The goal should always be to collect standardized data from children with cancer and then connect sources of disparate data. Where standardized data are not available, they may be harmonized to a common standard after collection, as is now common practice. An example is the collection of clinical, biospecimen, and genomic data for a child with cancer. The clinical data from COG can be harmonized to a common standard and made available in the Pediatric Cancer Data Commons, the standardized genomic data available in the Gabriella Miller Kids First Data Resource Center or the Genomic Data Commons, and the information about biospecimen availability in the Biopathology Center (BPC) at Nationwide Children’s Hospital. Connecting these three sources of data are the Universal Specimen Identifier assigned by the BPC. The user can then query for a specific cohort of patients and immediately see for which patients genomic data and biospecimens are available. Without rigorous data standardization and harmonization processes, this would not be possible.

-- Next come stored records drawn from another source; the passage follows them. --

End OKCorral.
Theorem corollary2 (R : realFieldType) (b c n m : nat) :
  (0 < b)%N -> (0 < c)%N -> (1 <= n)%N -> (1 <= m)%N ->
  (forall k : nat, (1 <= k <= n)%N ->
     okc_law R b c n m k =
       k%:R / ((n - k).+1`! * (m - 1)`!)%:R * (b%:R / c%:R) ^+ (n - k) *
       \sum_(1 <= l < m.+1)
          (-1) ^+ (m - l) * 'C(m - 1, l - 1)%:R
          / binomR (n%:R + b%:R / c%:R * l%:R) (n - k).+1
          * l%:R ^+ (n + m - 1 - k)
     /\
     okc_law R b c n m k =
       k%:R / ((n - k)`! * m`!)%:R * (c%:R / b%:R) ^+ m *
       \sum_(0 <= l < n.+1)
          (-1) ^+ (n - l) * (if (k <= l)%N then 'C(n - k, l - k) else 0%N)%:R
          / binomR (m%:R + c%:R * l%:R / b%:R) m
          * l%:R ^+ (m + n - 1 - k))
  /\
  okc_law R b c n m 0 =
    1 / (n`! * (m - 1)`!)%:R * (b%:R / c%:R) ^+ n *
    \sum_(1 <= l < m.+1)
       (-1) ^+ (m - l) * 'C(m - 1, l - 1)%:R
       / binomR (n%:R + b%:R / c%:R * l%:R) n
       * l%:R ^+ (n + m - 1).
Proof.
move=> b_gt0 c_gt0 _ m_ge1; split; last exact: okc_law_zero.
by move=> k kn; split; [exact: okc_law_first | exact: okc_law_second].
Qed.
(** * Power series *)

Lemma is_series_single {K : AbsRing} {V : NormedModule K} (m : nat) (v : V) :
  is_series (fun n => if Nat.eqb n m then v else zero) v.
Proof.
set (a := fun n => if Nat.eqb n m then v else zero).
assert (Hsum : forall N, (m <= N)%nat -> sum_n a N = v).
{ assert (Hzero : forall N, (N < m)%nat -> sum_n a N = zero).
  { induction N as [| N IH]; intros HN.
    - rewrite sum_O. unfold a. destruct (Nat.eqb_spec 0 m); [lia | reflexivity].
    - rewrite sum_Sn, IH by lia. unfold a. destruct (Nat.eqb_spec (S N) m); [lia |]. apply plus_zero_l. }
  induction N as [| N IH]; intros HN.
  - rewrite sum_O. unfold a. destruct (Nat.eqb_spec 0 m); [reflexivity | lia].
  - rewrite sum_Sn. unfold a at 2. destruct (Nat.eqb_spec (S N) m) as [<- | Hne].
    + rewrite Hzero by lia. apply plus_zero_l.
    + rewrite IH by lia. apply plus_zero_r. }
apply filterlim_ext_loc with (fun _ => v); [| apply filterlim_const].
exists m. intros N HN. symmetry. apply Hsum. exact HN.
Qed.
Lemma is_derive_smooth3_comp V x1 x2 x3 s0 d1 d2 d3 : smooth3 V ->
  is_derive x1 s0 d1 -> is_derive x2 s0 d2 -> is_derive x3 s0 d3 ->
  is_derive (fun s => V (mk3 (x1 s) (x2 s) (x3 s))) s0
    (partial3 0 V (mk3 (x1 s0) (x2 s0) (x3 s0)) * d1
     + partial3 1 V (mk3 (x1 s0) (x2 s0) (x3 s0)) * d2
     + partial3 2 V (mk3 (x1 s0) (x2 s0) (x3 s0)) * d3).
Proof.
  intros HV H1 H2 H3. set (b := mk3 (x1 s0) (x2 s0) (x3 s0)).
  set (P0 := partial3 0 V b). set (P1 := partial3 1 V b). set (P2 := partial3 2 V b).
  set (K := 3 + Rabs d1 + Rabs d2 + Rabs d3 + Rabs P0 + Rabs P1 + Rabs P2).
  assert (HK : 0 < K).
  { unfold K. pose proof (Rabs_pos d1). pose proof (Rabs_pos d2). pose proof (Rabs_pos d3).
    pose proof (Rabs_pos P0). pose proof (Rabs_pos P1). pose proof (Rabs_pos P2). lra. }
  apply is_derive_Reals. intros eps Heps.
  set (e := Rmin 1 (eps / (2 * K))).
  assert (He0 : 0 < e) by (apply Rmin_pos; [lra | apply Rdiv_lt_0_compat; lra]).
  assert (HeK : e * K < eps).
  { assert (Hm : e <= eps / (2 * K)) by apply Rmin_r.
    apply (Rmult_le_compat_r K) in Hm; [|lra].
    replace (eps / (2 * K) * K) with (eps / 2) in Hm by (field; lra). lra. }
  destruct (smooth3_increment V (x1 s0) (x2 s0) (x3 s0) e HV He0) as [del [Hdel Inc]].
  destruct (is_derive_increment_small x1 s0 d1 del H1 Hdel) as [c1 C1].
  destruct (is_derive_increment_small x2 s0 d2 del H2 Hdel) as [c2 C2].
  destruct (is_derive_increment_small x3 s0 d3 del H3 Hdel) as [c3 C3].
  rewrite is_derive_Reals in H1, H2, H3.
  destruct (H1 e He0) as [e1 E1], (H2 e He0) as [e2 E2], (H3 e He0) as [e3 E3].
  assert (Hpos : 0 < Rmin (Rmin e1 (Rmin e2 e3)) (Rmin c1 (Rmin c2 c3)))
    by (repeat apply Rmin_pos; apply cond_pos).
  exists (mkposreal _ Hpos). intros h Hh0 Hh. simpl in Hh.
  apply Rmin_Rgt_l in Hh as [He Hc]. apply Rmin_Rgt_l in He as [He1 He]. apply Rmin_Rgt_l in He as [He2 He3].
  apply Rmin_Rgt_l in Hc as [Hc1 Hc]. apply Rmin_Rgt_l in Hc as [Hc2 Hc3].
  specialize (Inc _ _ _ (C1 h Hc1) (C2 h Hc2) (C3 h Hc3)).
  specialize (E1 h Hh0 He1). specialize (E2 h Hh0 He2). specialize (E3 h Hh0 He3).
  change (mk3 (x1 s0) (x2 s0) (x3 s0)) with b in Inc |- *.
  set (D1 := x1 (s0 + h) - x1 s0) in *. set (D2 := x2 (s0 + h) - x2 s0) in *.
  set (D3 := x3 (s0 + h) - x3 s0) in *.
  set (Rem := V (mk3 (x1 (s0 + h)) (x2 (s0 + h)) (x3 (s0 + h))) - V b
              - (P0 * D1 + P1 * D2 + P2 * D3)) in Inc.
  replace ((V (mk3 (x1 (s0 + h)) (x2 (s0 + h)) (x3 (s0 + h))) - V b) / h
           - (P0 * d1 + P1 * d2 + P2 * d3))
    with (Rem / h + (P0 * (D1 / h - d1) + P1 * (D2 / h - d2) + P2 * (D3 / h - d3)))
    by (unfold Rem; field; exact Hh0).
  eapply Rle_lt_trans; [|exact HeK]. apply chain_rule_estimate; try assumption; [apply Rmin_l|].
  unfold Rdiv. rewrite !Rabs_mult, Rabs_inv.
  replace (e * (Rabs D1 * / Rabs h + Rabs D2 * / Rabs h + Rabs D3 * / Rabs h))
    with (e * (Rabs D1 + Rabs D2 + Rabs D3) * / Rabs h) by ring.
  apply Rmult_le_compat_r; [apply Rlt_le, Rinv_0_lt_compat, Rabs_pos_lt, Hh0 | exact Inc].
Qed.

Definition fcomp3 (V : v3 -> R) (f1 f2 f3 : R -> R -> R) : R -> R -> R :=
  fun s t => V (mk3 (f1 s t) (f2 s t) (f3 s t)).

Lemma diff2_fcomp3 V f1 f2 f3 : smooth3 V -> diff2 f1 -> diff2 f2 -> diff2 f3 ->
  diff2 (fcomp3 V f1 f2 f3).
Proof.
  intros HV H1 H2 H3 s t. split.
  - intros b. pose proof (diff2_ex_partial b _ s t H1). pose proof (diff2_ex_partial b _ s t H2).
    pose proof (diff2_ex_partial b _ s t H3).
    destruct b; unfold ex_partial, fcomp3 in *; eexists;
      apply is_derive_smooth3_comp; try apply Derive_correct; assumption.
  - intros eps.
    destruct (continuous_v3_box V (f1 s t) (f2 s t) (f3 s t) eps (proj2 (HV nil O _))
                (cond_pos eps)) as [del [Hdel Hc]].
    pose proof (diff2_cont _ s t H1 (mkposreal del Hdel)) as C1.
    pose proof (diff2_cont _ s t H2 (mkposreal del Hdel)) as C2.
    pose proof (diff2_cont _ s t H3 (mkposreal del Hdel)) as C3.
    eapply locally_2d_impl; [|exact (locally_2d_and _ _ _ _ C1 (locally_2d_and _ _ _ _ C2 C3))].
    apply locally_2d_forall. intros u v [D1 [D2 D3]]. apply Hc; assumption.
Qed.

Lemma partial_fcomp3 b V f1 f2 f3 : smooth3 V -> diff2 f1 -> diff2 f2 -> diff2 f3 ->
  partial b (fcomp3 V f1 f2 f3) =
  fadd (fadd (fmul (fcomp3 (partial3 0 V) f1 f2 f3) (partial b f1))
             (fmul (fcomp3 (partial3 1 V) f1 f2 f3) (partial b f2)))
       (fmul (fcomp3 (partial3 2 V) f1 f2 f3) (partial b f3)).
Proof.
  intros HV H1 H2 H3. funext2 s t.
  pose proof (diff2_ex_partial b _ s t H1). pose proof (diff2_ex_partial b _ s t H2).
  pose proof (diff2_ex_partial b _ s t H3).
  destruct b; unfold ex_partial in *; unfold_partial; unfold fcomp3; apply is_derive_unique.
  - apply (is_derive_smooth3_comp V (fun s' => f1 s' t) (fun s' => f2 s' t) (fun s' => f3 s' t));
      [assumption | apply Derive_correct; assumption ..].
  - apply (is_derive_smooth3_comp V (f1 s) (f2 s) (f3 s));
      [assumption | apply Derive_correct; assumption ..].
Qed.

Lemma diff2n_fcomp3 n : forall V f1 f2 f3, smooth3 V ->
  diff2n n f1 -> diff2n n f2 -> diff2n n f3 -> diff2n n (fcomp3 V f1 f2 f3).
Proof.
  induction n as [|n IH]; intros V f1 f2 f3 HV H1 H2 H3; [apply diff2_fcomp3; assumption|].
  pose proof (diff2n_pred _ _ H1). pose proof (diff2n_pred _ _ H2).
  pose proof (diff2n_pred _ _ H3).
  destruct H1 as [H1 H1b], H2 as [H2 H2b], H3 as [H3 H3b].
  split; [apply diff2_fcomp3; assumption|].
  intros b. rewrite partial_fcomp3 by assumption.
  repeat apply diff2n_fadd; apply diff2n_fmul; auto; apply IH; auto; apply smooth3_partial3, HV.
Qed.

Lemma smooth2_fcomp3 V f1 f2 f3 : smooth3 V -> smooth2 f1 -> smooth2 f2 -> smooth2 f3 ->
  smooth2 (fcomp3 V f1 f2 f3).
Proof. intros HV. rewrite !smooth2_diff2n. intros H1 H2 H3 n. apply diff2n_fcomp3; auto. Qed.

Ltac smooth2_tac := repeat match goal with
  | |- smooth2 (fadd _ _) => apply smooth2_fadd
  | |- smooth2 (fmul _ _) => apply smooth2_fmul
  | |- smooth2 (fopp _) => apply smooth2_fopp
  | |- smooth2 (fdot _ _ _ _ _ _) => unfold fdot
  | |- smooth2 (fconst _) => apply smooth2_fconst
  | |- smooth2 fvar_s => apply smooth2_fvar_s
  | |- smooth2 fvar_t => apply smooth2_fvar_t
  | |- smooth2 (fcomp3 _ _ _ _) => apply smooth2_fcomp3
  | |- smooth2 (partial _ _) => apply smooth2_partial
  | |- smooth3 (partial3 _ _) => apply smooth3_partial3
  | |- _ => assumption
  end.

Lemma RInt_sub_derive_vanishing (f g : R -> R) (a b : R) :
  (forall x, continuous f x) -> (forall x, ex_derive g x) -> (forall x, continuous (Derive g) x) ->
  g a = 0 -> g b = 0 -> RInt (fun x => f x - Derive g x) a b = RInt f a b.
Proof.
  intros Hf Hg Hdg Ha Hb.
  assert (I : RInt (Derive g) a b = 0).
  { apply (is_RInt_unique (V := R_CompleteNormedModule)).
    replace 0 with (minus (g b) (g a)) by (rewrite Ha, Hb; unfold minus, plus, opp; simpl; ring).
    apply (is_RInt_derive (V := R_CompleteNormedModule)); intros x _; [apply Derive_correct|]; auto. }
  pose proof (RInt_minus (V := R_CompleteNormedModule) f (Derive g) a b) as E.
  unfold minus, plus, opp in E; simpl in E. unfold Rminus.
  rewrite E, I by (apply (ex_RInt_continuous (V := R_CompleteNormedModule)); auto).
  rewrite Ropp_0. apply Rplus_0_r.
Qed.

Lemma continuous_pos_locally (f : R -> R) x0 : continuous f x0 -> 0 < f x0 ->
  exists eps : posreal, forall y, Rabs (y - x0) < eps -> 0 < f y.
Proof.
  intros Hc Hpos.
  assert (L : locally (f x0) (fun y => 0 < y)).
  { apply (locally_interval _ _ (Finite 0) p_infty); simpl; auto. }
  destruct (Hc _ L) as [eps Heps]. exists eps. intros y Hy. apply Heps, Hy.
Qed.

Lemma RInt_nonneg_zero (f : R -> R) (a b : R) : a < b ->
  (forall x, a <= x <= b -> continuous f x) -> (forall x, a < x < b -> 0 <= f x) ->
  RInt f a b = 0 -> forall x, a < x < b -> f x = 0.
Proof.
  intros Hab Hc Hnn HI x0 Hx0.
  destruct (Rle_lt_or_eq_dec 0 (f x0) (Hnn x0 Hx0)) as [Hpos|]; [exfalso|auto].
  destruct (continuous_pos_locally f x0 (Hc x0 ltac:(lra)) Hpos) as [eps Heps].
  set (d := Rmin (eps / 2) (Rmin ((x0 - a) / 2) ((b - x0) / 2))).
  assert (Hd : 0 < d /\ d <= eps / 2 /\ d <= (x0 - a) / 2 /\ d <= (b - x0) / 2).
  { pose proof (cond_pos eps). unfold d. repeat split.
    - repeat apply Rmin_pos; lra.
    - apply Rmin_l.
    - eapply Rle_trans; [apply Rmin_r | apply Rmin_l].
    - eapply Rle_trans; [apply Rmin_r | apply Rmin_r]. }
  assert (Ex : forall u v, a <= u <= v -> v <= b -> ex_RInt f u v).
  { intros u v Huv Hv. apply (ex_RInt_continuous (V := R_CompleteNormedModule)).
    intros z Hz. rewrite Rmin_left, Rmax_right in Hz by lra. apply Hc. lra. }
  assert (Split : RInt f a b = RInt f a (x0 - d) + RInt f (x0 - d) (x0 + d) + RInt f (x0 + d) b).
  { rewrite <- (RInt_Chasles (V := R_CompleteNormedModule) f a (x0 + d) b),
            <- (RInt_Chasles (V := R_CompleteNormedModule) f a (x0 - d) (x0 + d))
      by (apply Ex; lra). reflexivity. }
  assert (0 <= RInt f a (x0 - d)) by (apply RInt_ge_0; [lra | apply Ex; lra | intros; apply Hnn; lra]).
  assert (0 <= RInt f (x0 + d) b) by (apply RInt_ge_0; [lra | apply Ex; lra | intros; apply Hnn; lra]).
  assert (0 < RInt f (x0 - d) (x0 + d)).
  { apply RInt_gt_0; [lra | | intros; apply Hc; lra].
    intros y Hy. apply Heps. unfold Rabs. destruct Rcase_abs; lra. }
  lra.
Qed.

Lemma continuous_vanishing_interior (g : R -> R) a b x0 : a < b -> a <= x0 <= b ->
  continuous g x0 -> (forall x, a < x < b -> g x = 0) -> g x0 = 0.
Proof.
  intros Hab Hx0 Hc Hz. destruct (Req_dec (g x0) 0) as [|Hne]; [assumption|]. exfalso.
  assert (L : locally (g x0) (fun y => y <> 0)).
  { exists (mkposreal _ (Rabs_pos_lt _ Hne)). intros y Hy E. subst y.
    revert Hy. change (Rabs (0 - g x0) < Rabs (g x0) -> False).
    rewrite Rminus_0_l, Rabs_Ropp. lra. }
  destruct (Hc _ L) as [eps Heps].
  set (lam := Rmin (1 / 2) (eps / (b - a))).
  assert (Hl : 0 < lam /\ lam <= 1 / 2 /\ lam * (b - a) <= eps).
  { pose proof (cond_pos eps). assert (Hle : lam <= eps / (b - a)) by apply Rmin_r.
    repeat split.
    - apply Rmin_pos; [lra | apply Rdiv_lt_0_compat; lra].
    - apply Rmin_l.
    - apply (Rmult_le_compat_r (b - a)) in Hle; [|lra].
      replace (eps / (b - a) * (b - a)) with (pos eps) in Hle by (field; lra). exact Hle. }
  set (y := x0 + lam * ((a + b) / 2 - x0)).
  apply (Heps y); [|apply Hz; unfold y; split; nra].
  change (Rabs (y - x0) < eps). unfold y.
  replace (x0 + lam * ((a + b) / 2 - x0) - x0) with (lam * ((a + b) / 2 - x0)) by ring.
  rewrite Rabs_mult, (Rabs_pos_eq lam) by lra.
  assert (Rabs ((a + b) / 2 - x0) <= (b - a) / 2) by (unfold Rabs; destruct Rcase_abs; lra).
  assert (lam * Rabs ((a + b) / 2 - x0) <= lam * ((b - a) / 2)) by (apply Rmult_le_compat_l; lra).
  pose proof (cond_pos eps). nra.
Qed.
(* If S = \partial \hat F is nonempty, its vertices are exactly those of F, so the
   trace F of F on S is not a face of S: S is not face-like. *)
Lemma face_like_not_boundary (T : finType) (K S : {set {set T}}) F :
  cubical_complex K -> S != set0 -> face_like S K -> F \in K -> S <> hat_boundary K F.
Proof.
case=> K0 Kv _ _ /set0Pn [X XS] FL FK eS; rewrite eS !inE in XS.
case/and3P: XS => XF XK XsF.
have x_in x : x \in F -> [set x] \in K by move=> xF; apply: Kv; apply/bigcupP; exists F.
have VF : vertices S = F.
  apply/eqP; rewrite eqEsubset; apply/andP; split.
    by apply/bigcupsP=> Y; rewrite eS !inE => /and3P [].
  apply/subsetP=> x xF; apply/bigcupP; exists [set x]; rewrite ?inE //.
  rewrite eS !inE x_in // sub1set xF !andbT; apply: contraNneq XF => Fx.
  move: XsF; rewrite -Fx subset1 => /orP [] // /eqP X0.
  by rewrite -X0 XK in K0.
have := FL F FK; rewrite VF setIid => -[F0|]; first by rewrite -F0 FK in K0.
by rewrite eS !inE eqxx.
Qed.

Section SphereInCube.

Variables (n N : nat) (K S : {set {set cvert n}}) (g : cvert N -> cvert n).
Hypothesis K_cube : subcomplex K (cube_faces n).
Hypothesis S_K : S \subset K.
Hypothesis g_inj : injective g.
Hypothesis S_vertices : vertices S = g @: setT.
Hypothesis g_faces : forall B : {set cvert N}, (g @: B \in S) = (B \in boundary_cube N).
Hypothesis N_gt1 : 1 < N.

Lemma sphere_neq0 : S != set0.
Proof.
apply/set0Pn; exists (g @: [set [ffun=> false]]).
by rewrite g_faces boundary_cube_vertex // ltnW.
Qed.

(* Edges of \partial I^N go to edges of the cube, hence g is a coordinate embedding. *)
Lemma sphere_coordinates :
  exists D : 'I_N -> 'I_n, injective D /\ forall y i, g (flip i y) = flip (D i) (g y).
Proof.
apply: edge_map_coordinates => // y i; apply: edge_is_flip.
  by rewrite (inj_eq g_inj) eq_sym flip_neq.
apply: (subsetP K_cube.1); apply: (subsetP S_K).
have -> : [set g y; g (flip i y)] = g @: [set y; flip i y] by rewrite imsetU1 imset_set1.
by rewrite g_faces boundary_cube_edge.
Qed.

Lemma sphere_vertices_face : vertices S \in cube_faces n.
Proof.
have [D [D_inj g_flip]] := sphere_coordinates.
by rewrite S_vertices; apply: embedding_image_face D_inj g_flip.
Qed.

Lemma sphere_vertices_notin : vertices S \notin S.
Proof. by rewrite S_vertices g_faces !inE eqxx. Qed.

(* A cube face G meeting S either traces a face of S or contains all of S:
   its preimage under g is a face of I^N, proper or not. *)
Lemma sphere_trace G : G \in cube_faces n -> G :&: vertices S != set0 ->
  G :&: vertices S \in S \/ vertices S \subset G.
Proof.
move=> /imsetP [p _ ->]; rewrite S_vertices.
move=> /set0Pn [x0 /setIP [x0G /imsetP [y0 _ x0E]]].
have [D [D_inj g_flip]] := sphere_coordinates.
set B := [set y | g y \in cube_face p].
have traceE : cube_face p :&: g @: setT = g @: B.
  apply/setP=> x; rewrite inE; apply/andP/imsetP => [[xG /imsetP [y _ xE]]|[y]].
    by exists y; rewrite // inE -xE.
  by rewrite inE => gyG ->; rewrite gyG imset_f.
have [BT|BnT] := eqVneq B setT; first by right; rewrite -BT -traceE subsetIl.
left; rewrite traceE g_faces !inE BnT.
by apply: (embedding_preimage_face D_inj g_flip (y0 := y0)); rewrite -x0E.
Qed.
Lemma C5_join_I3_k3 : k_t C 3 = 15.
Proof.
apply/eqP; rewrite -(eqn_pmul2l (isT : 0 < 3)) -sum_triangles_at big_sumType /=.
by under eq_bigr do rewrite C5_join_I3_triangles_at;
   under [X in _ + X]eq_bigr do rewrite C5_join_I3_triangles_at;
   rewrite !sum_nat_const !card_ord.
Qed.

Lemma rho3_C5_join_I3 : rho_t C 3 = (15%:R / 8%:R)%R.
Proof. by rewrite /rho_t C5_join_I3_k3 card_sum !card_ord. Qed.

Theorem mainTheorem17 :
  is_f_value 3 5 3 (15%:R / 8%:R)%R /\
  rho_t C5_join_I3 3 = (15%:R / 8%:R)%R.
Proof.
split; last exact: rho3_C5_join_I3.
split=> [T e T0 eG | y ub].
  by apply: ler_ratio_nat; rewrite // mulnC k3_le_in_class.
by rewrite -rho3_C5_join_I3; apply: ub C5_join_I3_in_class; rewrite card_sum !card_ord.
Qed.
Definition plane_graph n (adj : rel 'I_n) (pos : 'I_n -> pt)
    (arc : 'I_n -> 'I_n -> R -> pt) : Prop :=
  [/\ (forall u v, adj u v = adj v u),
      (forall u, ~~ adj u u),
      injective pos,
      (forall u v, adj u v ->
         [/\ {within unit_itv, continuous (earc arc u v)},
             (forall s t, unit_itv s -> unit_itv t ->
                earc arc u v s = earc arc u v t -> s = t),
             earc arc u v 0 = pos u, earc arc u v 1 = pos v &
             (forall t w, open_unit_itv t -> earc arc u v t <> pos w)]) &
      (forall u v u' v', adj u v -> adj u' v' ->
         ~ ((u = u' /\ v = v') \/ (u = v' /\ v = u')) ->
         forall s t, open_unit_itv s -> open_unit_itv t ->
         earc arc u v s <> earc arc u' v' t)].

Definition drawing n (adj : rel 'I_n) (pos : 'I_n -> pt)
    (arc : 'I_n -> 'I_n -> R -> pt) : set pt :=
  [set p | exists v, p = pos v] `|`
  [set p | exists u v, adj u v /\ edge_pts arc u v p].

Definition is_face n (adj : rel 'I_n) (pos : 'I_n -> pt)
    (arc : 'I_n -> 'I_n -> R -> pt) (F : set pt) : Prop :=
  exists2 x, ~ drawing adj pos arc x &
    F = connected_component (~` drawing adj pos arc) x.

(** A vertex lies on the boundary of the face F (F is open and disjoint from
    the drawing, so this is: pos v lies in the closure of F). *)
Definition on_face_boundary n (pos : 'I_n -> pt) (F : set pt) (v : 'I_n) : Prop :=
  closure F (pos v).

Definition edge_on_face n (arc : 'I_n -> 'I_n -> R -> pt) (F : set pt)
    (u v : 'I_n) : Prop :=
  edge_pts arc u v `<=` closure F.

End PlaneGraphs.

Definition deg n (adj : rel 'I_n) (v : 'I_n) : nat := #|[set x | adj v x]%SET|.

There are many challenges in collecting, aggregating, and using big data for pediatric oncology research, many similar across all areas of medicine. For instance, rapid reporting for children’s cancer remains difficult and error-prone, hindering fast dissemination of results [71]. Using genomic data remains difficult, as highlighted by the Treehouse Project group, and includes issues such as data location, characterization, quality assessment, use approval, and compliance [72]. Leveraging data from electronic health records (EHR) is especially challenging owing to customized implementations and a general lack of adherence to data standards [73]. Aggregating clinical data remain extremely challenging, largely due to lack of standardization and especially the rampant use of free-text notes. Identifying cohorts of children for oncology studies requires custom development of criteria [74]. Variations in EHR implementations and rampant customization of the installations continue to plague efficient sharing of data for research [75]. The MIRACUM consortium in Germany has started to tackle the issues of data quality and suggests a framework for a unified, standardized, and harmonized EHR for clinical research. Similarly, the PEDSnet national network strives to be a platform for discovery for pediatric research [76], but it remains to be seen whether or not standardization of data components will exceed a small handful of clinical features.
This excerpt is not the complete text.